Specializes in General surgery ,Vascular, Orthopedic.
Because it is a public forum we all are free to express our opinion. ... . She asked for honest answer and that what i see ppl doing here at least i did in my opinion . You don't agree with the way ppl are expressing themselves ,you call that bickering... i don't . She has the right to vent in her frustration but it is best that she or anyone doing so keep in mind that addressing people on a public forum can be done in a sensitive manner not to offend the readers .Talking about an LPN working 98% passing meds sound to me as if she considering that to be retard or being less of a nurse .That how i took it and was glad to read one of her update giving more respect and realizing that LPN do more than what she first thought , her language was much better this time .While you are asking everyone to try and see things in her view ,i like to add that she or anyone else on these forum need to be aware that not only their view count . But words & statement used can be offensive for some of the fellow nurses especially when it being addressed in a condescending manner .[/quote']

I am talking about bickering that involves issues that the op did not address as the MAIN point of her post. I say it once more as long as you are adhering to allnurses rules who CARES if she uses OMG in her post, honestly, who?? She is not in a professional setting. And not only should we see things in her view I also said that she should see things in other people's way (that's why I said vice versa). I'm neutral in the situation I see the OP point and I can see other's point. I feel like I've been misunderstood by what I meant with the previous post, and I won't be back to respond to anyone's reply ( not like anyone cares if I'm back or not though lol) because I'm done with particular thread :) Best wishes Fannie's Mom you're almost there!!

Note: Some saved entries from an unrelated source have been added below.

(* Let $\Sigma=(+1,-1,-1,-1,-1)$. If $\delta=1$ then $\mathcal P_{\Sigma,\delta}H_5=\varnothing$. If $\delta=\omega$ or $\delta=\omega^2$ then $\mathcal P_{\Sigma,\delta}H_5\neq\varnothing$.
   Context: $V=\mathbb C^3$ with Hermitian form of signature $(-,+,+)$; the sign $\sigma p$ of a nonisotropic $p\in\mathbb PV$ is $-1$ if $\langle p,p\rangle<0$ and $+1$ if $\langle p,p\rangle>0$. $\mathrm{SU}(2,1)$ = determinant-one form-preserving maps, $\mathrm{PU}(2,1)=\mathrm{SU}(2,1)/\{1,\omega,\omega^2\}$, $\omega=e^{2\pi i/3}$. For nonisotropic $p$, $R^px=2\frac{\langle x,p\rangle}{\langle p,p\rangle}p-x$; $\mathrm{ta}(p,q)=\frac{\langle p,q\rangle\langle q,p\rangle}{\langle p,p\rangle\langle q,q\rangle}$. $H_5=\langle r_1,\dots,r_5\mid r_i^2=r_5\cdots r_1=1\rangle$. $\mathcal P_{\Sigma,\delta}H_5$ is the set of representations $\varrho:H_5\to\mathrm{PU}(2,1)$ with $\varrho(r_i)=R^{p_i}$ for nonisotropic $p_i$ such that $\mathrm{ta}(p_i,p_j)\neq0,1$ for $i\neq j$, $\sigma p_i=\sigma_i$, and $R^{p_5}\cdots R^{p_1}=\delta$ in $\mathrm{SU}(2,1)$. *)

(* The complex numbers are modelled as R[i] for an arbitrary
   real closed field R (C = R[i] for R = the reals is one instance). *)
From HB Require Import structures.
From mathcomp Require Import all_boot all_order all_algebra.
From mathcomp Require Import complex.
Set Implicit Arguments. Unset Strict Implicit. Unset Printing Implicit Defensive.
Import Order.TTheory GRing.Theory Num.Theory.
Local Open Scope ring_scope.

Section PU21.
Variable R : rcfType.
Local Notation C := (R[i]).

(* V = C^3 as column vectors; Hermitian form of signature (-,+,+),
   linear in the first argument, antilinear in the second:
   <x,y> = - x_0 conj(y_0) + x_1 conj(y_1) + x_2 conj(y_2). *)
Definition sgnJ (i : 'I_3) : C := if (i == 0 :> nat) then -1 else 1.

Definition herm (x y : 'cV[C]_3) : C :=
  \sum_(i < 3) sgnJ i * x i 0 * (y i 0)^*.

Definition nonisotropic (p : 'cV[C]_3) : bool := herm p p != 0.

Definition has_sign (s : int) (p : 'cV[C]_3) : Prop :=
  (s = (-1)%Z /\ herm p p < 0) \/ (s = 1%Z /\ 0 < herm p p).

(* R^p x = 2 <x,p>/<p,p> p - x, as a 3x3 matrix acting on column vectors *)
Definition refl (p : 'cV[C]_3) : 'M[C]_3 :=
  \matrix_(i < 3, j < 3)
     (2 * p i 0 * sgnJ j * (p j 0)^* / herm p p - (i == j)%:R).

Definition ta (p q : 'cV[C]_3) : C :=
  herm p q * herm q p / (herm p p * herm q q).

Definition omega : C := (-1 + 'i * sqrtC 3) / 2.

(* A representation in P_{Sigma,delta} H_5 is given by the points p_1..p_5
   (indexed 0..4 here) with rho(r_i) = R^{p_i}; the conditions: *)
Definition in_P (Sigma : 'I_5 -> int) (delta : C) (p : 'I_5 -> 'cV[C]_3) : Prop :=
  [/\ forall i, nonisotropic (p i),
      forall i j, i != j -> ta (p i) (p j) != 0 /\ ta (p i) (p j) != 1,
      forall i, has_sign (Sigma i) (p i) &
      refl (p 4) *m refl (p 3) *m refl (p 2) *m refl (p 1) *m refl (p 0)
        = delta%:M ].

End PU21.

Definition Sigma8 (i : 'I_5) : int := if (i == 0 :> nat) then 1%Z else (-1)%Z.

From Stdlib Require Import ZArith.
From HB Require Import structures.
From mathcomp Require Import all_boot all_order all_algebra.
From mathcomp Require Import complex ring ssrZ.
Import Order.TTheory GRing.Theory Num.Theory.
Local Open Scope ring_scope.

(* For delta = 1: p 0 is positive, so some negative vector n is orthogonal to
   it and R^(p 0) n = - n; the relation then gives
   R^(p 2) R^(p 1) n = - R^(p 3) R^(p 4) n.  But for negative n, a, b,
   Re <R^a n, R^b n> < 0: by reverse Cauchy-Schwarz <R^a n, n> <= <n, n> < 0,
   and the Gram determinant of n, R^a n, R^b n is <= 0 in signature (1, 2).
   Pairing both sides with n thus yields two negative numbers that are
   opposite.
   For delta = omega, an explicit configuration with coordinates in the
   Eisenstein integers Z[omega] is checked by exact integer computation
   (<p, p> R^p has coordinates in Z[omega]).  Complex conjugation maps
   P_{Sigma, delta} onto P_{Sigma, conj delta}, and conj omega = omega^2. *)

Local Notation i0 := (@Ordinal 3 0 isT).
Local Notation i1 := (@Ordinal 3 1 isT).
Local Notation i2 := (@Ordinal 3 2 isT).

You are only crazy if you let it bug you. I am currently in school attending clinical s same as you and it no longer drives me crazy all the BS because I know this is the pretend world where every thing is perfect.Keep in mind the goal of getting the degree with the knowledge you will be able to obtain a job while most college grads cannot.I know for a fact that 90% of what I learn in school will be irrelevant once I start a job in the real world which is when you will receive your real education.Compartmentalize my friend, get the degree, pass the boards then get paid while you begin the education that matters.